Lemma arc_length (s : R) : dX B H s ^ 2 + dZ B H s ^ 2 = 1.
Proof.
  pose proof (D_pos s) as hD. pose proof (sqrtD_pos s).
  pose proof (sqrt_sqrt _ (Rlt_le _ _ hD)) as hq.
  pose proof (sin2_cos2 (H * s)) as hsc. unfold Rsqr in hsc.
  unfold dX, dZ, D in *.
  set (q := sqrt (1 + B ^ 2 - 2 * B * cos (H * s))) in *.
  assert (hs2 : sin (H * s) * sin (H * s) = 1 - cos (H * s) * cos (H * s)) by lra.
  field [hq hs2]. lra.
Qed.

Lemma dZ_pos (s : R) : 0 < dZ B H s.
Proof.
  apply Rdiv_lt_0_compat; [apply one_minus_Bcos_pos | apply sqrtD_pos].
Qed.

Lemma dX_eq_Q_dZ (s : R) : dX B H s = Q B H s * dZ B H s.
Proof.
  pose proof (sqrtD_pos s). pose proof (one_minus_Bcos_pos s).
  unfold dX, dZ, Q. field. lra.
Qed.

Lemma derivable_G (s : R) :
  derivable_pt_lim (G B H) s (- dQ B H s * zcoord B H s).
Proof.
  apply derivable_envelope with (dx := dX B H s) (dz := dZ B H s).
  - apply derivable_xcoord.
  - apply derivable_zcoord.
  - apply derivable_Q.
  - apply dX_eq_Q_dZ.
Qed.

Lemma zcoord_0 : zcoord B H 0 = 0.
Proof.
  unfold zcoord. rewrite Rplus_0_l, RInt_of_continuous.
  - apply (RInt_point (V := R_CompleteNormedModule)).
  - apply zintegrand_continuous.
Qed.

Lemma zcoord_sign (s : R) : (0 < s -> 0 < zcoord B H s) /\ (s < 0 -> zcoord B H s < 0).
Proof.
  apply (sign_of_increasing_through_zero _ (dZ B H)).
  - apply derivable_zcoord.
  - apply dZ_pos.
  - apply zcoord_0.
Qed.

Lemma H_s0 : H * s0 B H = acos B.
Proof. unfold s0. field. lra. Qed.

Lemma cos_H_s0 : cos (H * s0 B H) = B.
Proof. rewrite H_s0. apply cos_acos. lra. Qed.

Lemma s0_pos : 0 < s0 B H.
Proof.
  pose proof (acos_bound_lt B ltac:(lra)).
  unfold s0. apply Rdiv_lt_0_compat; lra.
Qed.

Lemma cos_gt_B (s : R) : - s0 B H < s < s0 B H -> B < cos (H * s).
Proof.
  intros hs.
  pose proof (acos_bound_lt B ltac:(lra)) as hA.
  assert (hHs : - acos B < H * s < acos B).
  { rewrite <- H_s0. split; nra. }
  assert (E : cos (acos B) = B) by (apply cos_acos; lra).
  rewrite <- E at 1.
  destruct (Rle_or_lt 0 s).
  - apply cos_decreasing_1; nra.
  - rewrite <- (cos_neg (H * s)). apply cos_decreasing_1; nra.
Qed.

Goal of the exercise
Nothing should appear in the answer except the lines above from the line with "pose proof (acos_bound_lt B ltac:(lra))." through the line with "- apply cos_decreasing_1; nra.", both included, written out exactly.

Problem solution
  pose proof (acos_bound_lt B ltac:(lra)).
  unfold s0. apply Rdiv_lt_0_compat; lra.
Qed.

Lemma cos_gt_B (s : R) : - s0 B H < s < s0 B H -> B < cos (H * s).
Proof.
  intros hs.
  pose proof (acos_bound_lt B ltac:(lra)) as hA.
  assert (hHs : - acos B < H * s < acos B).
  { rewrite <- H_s0. split; nra. }
  assert (E : cos (acos B) = B) by (apply cos_acos; lra).
  rewrite <- E at 1.
  destruct (Rle_or_lt 0 s).
  - apply cos_decreasing_1; nra.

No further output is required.